*WHAT THE EXERCISE ASKS*:
Once the line containing "exists x z, in_stabilizer" is found, set down that line and each one after it exactly, through the end of the entries.

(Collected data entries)
=== Begin Enclosure ===

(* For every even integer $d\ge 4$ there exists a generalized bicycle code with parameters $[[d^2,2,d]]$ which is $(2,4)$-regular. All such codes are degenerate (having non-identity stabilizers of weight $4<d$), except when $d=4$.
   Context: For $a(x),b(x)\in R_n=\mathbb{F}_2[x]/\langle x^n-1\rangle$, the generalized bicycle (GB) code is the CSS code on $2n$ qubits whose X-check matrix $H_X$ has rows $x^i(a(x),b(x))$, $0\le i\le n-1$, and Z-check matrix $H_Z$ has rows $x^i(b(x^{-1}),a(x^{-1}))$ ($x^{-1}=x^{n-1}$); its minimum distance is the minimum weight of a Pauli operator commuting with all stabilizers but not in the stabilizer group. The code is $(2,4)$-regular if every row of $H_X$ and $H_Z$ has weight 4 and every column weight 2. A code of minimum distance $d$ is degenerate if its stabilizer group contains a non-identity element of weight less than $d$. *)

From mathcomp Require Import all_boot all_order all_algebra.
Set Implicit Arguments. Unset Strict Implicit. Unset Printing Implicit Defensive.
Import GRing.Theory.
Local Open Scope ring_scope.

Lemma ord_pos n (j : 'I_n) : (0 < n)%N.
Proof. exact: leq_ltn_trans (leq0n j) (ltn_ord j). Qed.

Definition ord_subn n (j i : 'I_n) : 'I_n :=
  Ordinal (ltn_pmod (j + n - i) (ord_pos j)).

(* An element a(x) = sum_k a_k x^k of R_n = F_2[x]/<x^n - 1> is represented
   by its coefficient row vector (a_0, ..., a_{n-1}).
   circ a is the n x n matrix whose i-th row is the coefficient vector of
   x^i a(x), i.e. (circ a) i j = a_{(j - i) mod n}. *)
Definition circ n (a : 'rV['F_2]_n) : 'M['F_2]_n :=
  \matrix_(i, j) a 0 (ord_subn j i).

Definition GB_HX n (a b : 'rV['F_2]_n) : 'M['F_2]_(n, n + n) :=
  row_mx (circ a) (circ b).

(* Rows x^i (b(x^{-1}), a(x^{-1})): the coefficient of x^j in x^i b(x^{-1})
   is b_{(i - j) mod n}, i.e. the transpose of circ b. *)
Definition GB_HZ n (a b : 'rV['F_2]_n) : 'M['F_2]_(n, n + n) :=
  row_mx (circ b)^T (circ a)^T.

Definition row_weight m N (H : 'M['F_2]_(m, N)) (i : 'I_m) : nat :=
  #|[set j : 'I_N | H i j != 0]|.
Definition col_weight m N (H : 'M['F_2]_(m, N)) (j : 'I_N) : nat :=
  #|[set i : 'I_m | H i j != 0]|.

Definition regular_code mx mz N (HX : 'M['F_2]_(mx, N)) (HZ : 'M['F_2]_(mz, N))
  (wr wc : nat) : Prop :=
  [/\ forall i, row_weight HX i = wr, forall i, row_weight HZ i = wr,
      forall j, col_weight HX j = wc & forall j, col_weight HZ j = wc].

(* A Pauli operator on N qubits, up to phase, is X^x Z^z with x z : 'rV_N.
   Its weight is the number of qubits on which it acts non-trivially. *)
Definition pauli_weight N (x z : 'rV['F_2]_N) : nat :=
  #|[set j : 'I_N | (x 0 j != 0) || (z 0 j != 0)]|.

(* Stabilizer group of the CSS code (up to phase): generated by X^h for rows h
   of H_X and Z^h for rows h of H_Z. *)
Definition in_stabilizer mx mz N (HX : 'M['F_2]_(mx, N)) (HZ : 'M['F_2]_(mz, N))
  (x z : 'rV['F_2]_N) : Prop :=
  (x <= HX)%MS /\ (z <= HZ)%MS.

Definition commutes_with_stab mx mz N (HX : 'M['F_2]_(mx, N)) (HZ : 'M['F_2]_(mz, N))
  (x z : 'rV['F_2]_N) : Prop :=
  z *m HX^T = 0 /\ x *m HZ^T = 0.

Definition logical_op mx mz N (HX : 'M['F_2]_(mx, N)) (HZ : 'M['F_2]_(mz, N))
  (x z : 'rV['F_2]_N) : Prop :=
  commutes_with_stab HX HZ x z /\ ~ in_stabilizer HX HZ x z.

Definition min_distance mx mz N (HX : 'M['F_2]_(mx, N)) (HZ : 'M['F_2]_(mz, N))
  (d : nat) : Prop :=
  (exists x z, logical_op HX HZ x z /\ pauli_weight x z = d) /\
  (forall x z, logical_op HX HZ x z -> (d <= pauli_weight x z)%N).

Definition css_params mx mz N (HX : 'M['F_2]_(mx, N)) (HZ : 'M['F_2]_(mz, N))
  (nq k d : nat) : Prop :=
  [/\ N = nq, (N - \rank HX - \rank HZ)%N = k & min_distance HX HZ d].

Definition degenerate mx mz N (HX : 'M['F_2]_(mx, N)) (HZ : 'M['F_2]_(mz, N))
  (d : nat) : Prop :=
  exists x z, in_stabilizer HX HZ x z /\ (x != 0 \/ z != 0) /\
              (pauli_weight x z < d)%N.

=== End Enclosure ===

*WORKED SOLUTION*:
  exists x z, in_stabilizer HX HZ x z /\ (x != 0 \/ z != 0) /\
              (pauli_weight x z < d)%N.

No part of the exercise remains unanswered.